As you can see, I only looked for posts published before 2007/31/01 because that’s what I happened to need, but I could have refined that search with any condition that MySql can handle, for example looking only for posts whose title or body contained a certain string. Now, why did I need just those fields?
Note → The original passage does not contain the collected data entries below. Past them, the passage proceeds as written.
Lemma card_mono k : #|{: mono k}| = 'C(k.+1, 2).
Proof.
pose F (a b : nat) := if (a <= b)%N then 1%N else 0%N.
have card_le (b : 'I_k) : (\sum_(a < k) F a b)%N = b.+1.
  rewrite -(big_mkord xpredT (F^~ b)) (big_cat_nat _ (n := b.+1)) //=.
  rewrite [X in (_ + X)%N]big1_seq ?addn0; last first.
    by move=> a /andP[_]; rewrite mem_index_iota => /andP[ba _]; rewrite /F leqNgt ba.
  rewrite big_nat_cond (eq_bigr (fun _ => 1%N)) -?big_nat_cond ?sum_nat_const_nat ?muln1 //.
  by move=> a /andP[/andP[_]]; rewrite ltnS /F => ->.
rewrite card_sig -sum1_card big_mkcond /=.
rewrite -(pair_big xpredT xpredT (fun a b : 'I_k => F a b)) /= exchange_big /=.
by rewrite (eq_bigr _ (fun b _ => card_le b)) -bin2_sum big_mkord big_ord_recl.
Qed.

Theorem mainTheorem3 (K : fieldType) (L : closedFieldType) (iota : {rmorphism K -> L})
    (k : nat) (G : 'M[K]_(k, 2 * k)) :
  (1 <= k)%N ->
  row_free G ->
  self_dual G ->
  (forall i j : 'I_(2 * k), i != j -> ~~ proportional_cols G i j) ->
  (exists P, indecomp_decomposition G P) /\
  (forall P : {set {set 'I_(2 * k)}}, indecomp_decomposition G P ->
     fails_by (map_mx iota G) #|P| /\
     (forall S : 'M[K]_(2 * k), is_schur_square G S ->
        (2 * k)%:Z - (\rank S)%:Z - 1 = #|P|%:Z - 1)).
Proof.
move=> _ _ sdG _; split=> [|P decP]; first exact: exists_indecomp_decomposition.
have rank_sum : (\rank (quad_eval_mx G) + #|P| = 2 * k)%N.
  rewrite -(rank_dual_schur_square_mx sdG decP) mxrank_ker mxrank_tr.
  by rewrite subnKC ?rank_leq_col.
split=> [|S /schur_square_eqmx/eqmx_rank ->]; last by lia.
have := rank_leq_row (quad_eval_mx G); have := card_mono k.
rewrite /fails_by /vanishing_quadrics quad_eval_map_mx mxrank_ker mxrank_map.
lia.
Qed.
Because the URLs of that particular WordPress blog have the format $BLOGNAME/$YEAR/$MONTH/$post_name/. This means that, in order to generate an HTML list of all those posts I only need to reformat, concatenate and wrap into some basic HTML code the first three fields of those posts. If your blog has another naming convention, you can change the query or the script below accordingly.
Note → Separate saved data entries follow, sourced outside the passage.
Definition zero_in_hull A := exists l : nat -> rat,
  [/\ forall i, 0 <= l i, \sum_(i < size A) l i = 1 &
      \sum_(i < size A) l i *: A`_i = 0].

Definition positive_on A u := forall a, a \in A -> 0 < pair u a.

Lemma zero_in_hull_cons a A : zero_in_hull A -> zero_in_hull (a :: A).
Proof.
move=> [l [l_ge0 l1 lA]]; exists (fun i => if i is i'.+1 then l i' else 0).
by split=> [[]||]; rewrite //= big_ord_recl ?scale0r add0r.
Qed.

(* Fourier-Motzkin step: the vectors [<u, b> a - <u, a> b] are orthogonal to
   [u], and either alternative for them lifts to [a :: A]. *)
Lemma zero_in_hull_elim a A u : positive_on A u -> pair u a <= 0 ->
  zero_in_hull [seq pair u b *: a - pair u a *: b | b <- A] ->
  zero_in_hull (a :: A).
Proof.
move=> Au c_le0 [m [m_ge0]]; rewrite size_map => m1 mB.
set c := pair u a in c_le0 mB; pose g i := pair u A`_i.
have g_gt0 (i : 'I_(size A)) : 0 < g i by apply/Au/mem_nth.
set s := \sum_(i < size A) m i * g i.
have s_gt0 : 0 < s.
  have mg_ge0 (i : 'I_(size A)) : 0 <= m i * g i.
    by apply: mulr_ge0 => //; apply: ltW.
  rewrite lt_def sumr_ge0 ?andbT //; apply/eqP => s0.
  move: m1; rewrite big1 => [/eqP|i _]; first by rewrite eq_sym oner_eq0.
  have /eqP := psumr_eq0P (fun i _ => mg_ge0 i) s0 (i := i) isT.
  by rewrite mulf_eq0 (gt_eqF (g_gt0 i)) orbF => /eqP.
have sc_neq0 : s - c != 0 by rewrite gt_eqF //; lra.
have sA : s *: a - c *: \sum_(i < size A) m i *: A`_i = 0.
  rewrite -[RHS]mB /s scaler_suml scaler_sumr -sumrB; apply: eq_bigr => i _.
  by rewrite (nth_map 0) // scalerBr !scalerA mulrC (mulrC c).
clearbody c s.
exists (fun i => (if i is k.+1 then - c * m k else s) / (s - c)); split.
- by case=> [|k]; rewrite divr_ge0 ?mulr_ge0 ?oppr_ge0 //; lra.
- by rewrite /= big_ord_recl -mulr_suml -mulr_sumr m1 mulr1 -mulrDl divff.
- rewrite /= big_ord_recl.
  transitivity ((s - c)^-1 *: (s *: a - c *: \sum_(i < size A) m i *: A`_i)).
    rewrite scalerBr !scalerA scaler_sumr -sumrN mulrC; congr (_ + _).
    apply: eq_bigr => i _; rewrite !scalerA -scaleNr; congr (_ *: _).
    by rewrite lift0 /=; field.
  by rewrite sA scaler0.
Qed.

Lemma positive_on_elim a A u w : A != [::] -> positive_on A u -> pair u a <= 0 ->
  positive_on [seq pair u b *: a - pair u a *: b | b <- A] w ->
  exists v, positive_on (a :: A) v.
Proof.
move=> A_neq0 Au c_le0 Bw; set c := pair u a in c_le0 Bw; set p := pair w a.
have key b : b \in A -> 0 < pair u b * p - c * pair w b.
  by move=> bA; have := Bw _ (map_f _ bA); rewrite pairDr pairNr !pairZr.
have [c0|c_lt0] := eqVneq c 0.
  have [b bA] : exists b, b \in A.
    by case: A A_neq0 {Au Bw key} => // b A _; exists b; rewrite mem_head.
  have p_gt0 : 0 < p by have := key b bA; rewrite c0 mul0r subr0 pmulr_rgt0 // Au.
  have [e e_gt0 eA] := small_perturbation (pair w) Au.
  exists (u + e *: w) => b'; rewrite inE pairDl pairZl => /predU1P [->|/eA //].
  by rewrite -/c c0 add0r mulr_gt0.
have {}c_lt0 : c < 0 by rewrite lt_neqAle c_lt0.
pose G b := (pair u b * p - c * pair w b) / - c.
have G_gt0 b : b \in A -> 0 < G b by move/key => ?; rewrite divr_gt0 ?oppr_gt0.
have [e e_gt0 eA] := small_perturbation (fun b => - pair u b) G_gt0.
exists (w + (p / - c - e) *: u) => b; rewrite inE pairDl pairZl => /predU1P [->|bA].
  have -> : p + (p / - c - e) * c = e * - c by field; rewrite ?oppr_eq0 lt_eqF.
  by rewrite mulr_gt0 ?oppr_gt0.
by have := eA b bA; congr (0 < _); rewrite /G; field; rewrite ?oppr_eq0 lt_eqF.
Qed.

Lemma gordan A : zero_in_hull A \/ exists u, positive_on A u.
Proof.
move: {2}(size A) (leqnn (size A)) => n; elim: n A => [|n IH] [|a A] //=;
  try by right; exists 0.
move=> sizeA; have [A0|[u Au]] := IH A sizeA; first by left; apply: zero_in_hull_cons.
have [c_gt0|c_le0] := ltP 0 (pair u a).
  by right; exists u => b; rewrite inE => /predU1P [->|/Au].
have [A0|A_neq0] := eqVneq A [::].
  rewrite A0; have [->|a_neq0] := eqVneq a 0.
    by left; exists (fun=> 1); split; rewrite // big_ord1 ?scaler0.
  by right; exists a => b; rewrite inE => /eqP ->; apply: pair_gt0.
have sizeB : (size [seq (pair u b *: a - pair u a *: b)%R | b <- A] <= n)%N.
  by rewrite size_map.
have [B0|[w Bw]] := IH _ sizeB.
  by left; apply: zero_in_hull_elim B0.
by right; apply: positive_on_elim Bw.
Qed.

End Gordan.

Section ReflexivePolytope.
Variables (d : nat) (V E : seq (lpt d)).
Hypothesis reflV :
  forall x, inConv V x <-> (forall e, e \in E -> -1 <= pair x (vQ e)).

Lemma reflexive_negative_point y : y != 0 -> exists2 x, inConv V x & pair x y < 0.
Proof.
move=> y_neq0; have [t t_gt0 tE] := @small_perturbation _ (fun=> 1)
  (fun e => - pair y (vQ e)) E (fun _ _ => ltr01).
exists (- (t *: y)); last by rewrite pairNl pairZl oppr_lt0 mulr_gt0 ?pair_gt0.
by apply/reflV => e /tE; rewrite pairNl pairZl; lra.
Qed.

Lemma reflexive_recession_eq0 w : (forall e, e \in E -> 0 <= pair w (vQ e)) -> w = 0.
Proof.
move=> wE; apply/eqP/negP => /negP w_neq0; have ww_gt0 := pair_gt0 w_neq0.
pose B := \sum_(v <- V) `|pair (vQ v) w|.
have B_ge0 : 0 <= B by rewrite sumr_ge0.
have VB v : v \in V -> pair (vQ v) w <= B.
  move=> vV; apply: le_trans (ler_norm _) _.
  by rewrite /B (big_rem v vV) lerDl sumr_ge0.
pose t := (B + 1) / pair w w.
have t_ge0 : 0 <= t by rewrite divr_ge0 ?ltW // ltr_wpDl.
have tw : inConv V (t *: w).
  by apply/reflV => e eE; rewrite pairZl; have := mulr_ge0 t_ge0 (wE e eE); lra.
have : pair (t *: w) (- w) >= - B.
  by apply: (inConvP_ge tw) => v vV _; rewrite pairNr lerN2 VB.
by rewrite pairNr pairZl /t divfK ?gt_eqF //; lra.
Qed.

Lemma reflexive_zero_in_dual : (0 < d)%N -> inConv E 0.
Proof.
move=> d_gt0; have [[l [l_ge0 l1 lE]]|[u Eu]] := gordan (map (@vQ d) E).
  rewrite size_map in l1 lE; exists (fun i => l i); split => //.
  by rewrite -[LHS]lE; apply: eq_bigr => i _; rewrite (nth_map 0).
have u0 : u = 0 by apply: reflexive_recession_eq0 => e eE; apply/ltW/Eu/map_f.
have E0 e : e \in E -> False by move/(map_f (@vQ d))/Eu; rewrite u0 pair0l ltxx.
(* With [E] empty every vector is a recession direction, which fails for [d > 0]. *)
have /matrixP/(_ 0 (Ordinal d_gt0)) : const_mx 1 = 0 :> qpt d.
  by apply: reflexive_recession_eq0 => e /E0.
by rewrite !mxE => /eqP; rewrite oner_eq0.
Qed.

End ReflexivePolytope.

Section NefPartition.
Variables (d r : nat) (V E : seq (lpt d)) (D : 'I_r -> seq (lpt d)).
Hypothesis reflV :
  forall x, inConv V x <-> (forall e, e \in E -> -1 <= pair x (vQ e)).
Hypothesis minkV : forall x, inConv V x <->
  exists xs : 'I_r -> qpt d, (forall j, inConv (D j) (xs j)) /\ x = \sum_j xs j.
Hypothesis nefD : forall j e, e \in E -> phi_is (D j) e 0 \/ phi_is (D j) e 1.
Hypothesis D_neq_nil : forall j, D j != [::].

Definition nabla j := inConvP (0 :: E) (fun e => e = 0 \/ phi_is (D j) e 1).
After checking that the MySql query was correct, I put it inside a simple Perl script that runs it and outputs the final list items in HTML format. The MySql part is copied straight from the many Perl tutorials online that explain how to make Perl talk to MySql. Please refer to those tutorials if you need any detailed explanation of what each line of code does. I only added the right parameters for my own database and the necessary comments to make it (I hope) self-documenting:

  #! /usr/bin/perl
  use strict;
  use DBI;
  use DBD::mysql;
  my $platform = "mysql";
  my $host     = "localhost";
  my $port     = "3306";

  my $BLOGNAME = "http://stop.zona-m.net";  #CHANGE THIS TO THE HOME PAGE OF YOUR BLOG

  # The next seven lines define the Perl variables that are needed
  # to query the database then build the actual MySql query
  # The $query line is where you must put the MySql statement that
  # you actually need

  my ($post_date, $post_name, $post_title);
  my $dsn = "dbi:mysql:$database:localhost:3306";
  my $DB = DBI->connect($dsn, $user, $pw);
  my $query = qq~SELECT post_date, post_name, post_title, ID FROM wp_posts WHERE post_date <= '2007-07-31 00:00:00';~;
  my $query_handle = $DB->prepare($query);
  $query_handle->bind_columns($post_date, $post_name, $post_title);

  # the rest of the code processes and prints as an HTML list element
  # each URL. It takes the first 7 characters of the date (Year + Month),
  # replaces the dash with a slash and removes newlines (I had some of them...)
  # in URL and post title
  while($query_handle->fetch()) {
      my ($DATE, $URL, $TITLE);
      $DATE    = substr($post_date, 0,7);
      $DATE    =~ s/-///;
      $URL     = $post_name;  chomp $URL;
      $TITLE   = $post_title; chomp $TITLE;
      print "<li><a href="$BLOGNAME/$DATE/$URL/">$TITLE</a></li>n";  # Correct URL of each post

Here is the script output, limited to the first three posts for brevity:

  <li><a href="http://stop.zona-m.net/2007/07/must-all-software-be-free-or-all-proprietary/">Must all software, be free, or all proprietary?</a></li>
  <li><a href="http://stop.zona-m.net/2007/07/do-we-still-need-papyrus/">Do We Still Need Papyrus?</a></li>
  <li><a href="http://stop.zona-m.net/2007/07/can-i-publish-my-own-movies/">Can I Publish My Own Movies?</a></li>

This is perfectly valid HTML code that you can copy and paste straight into an HTML page. In my case I had to indent the lists by hand, but it only took 23 minutes.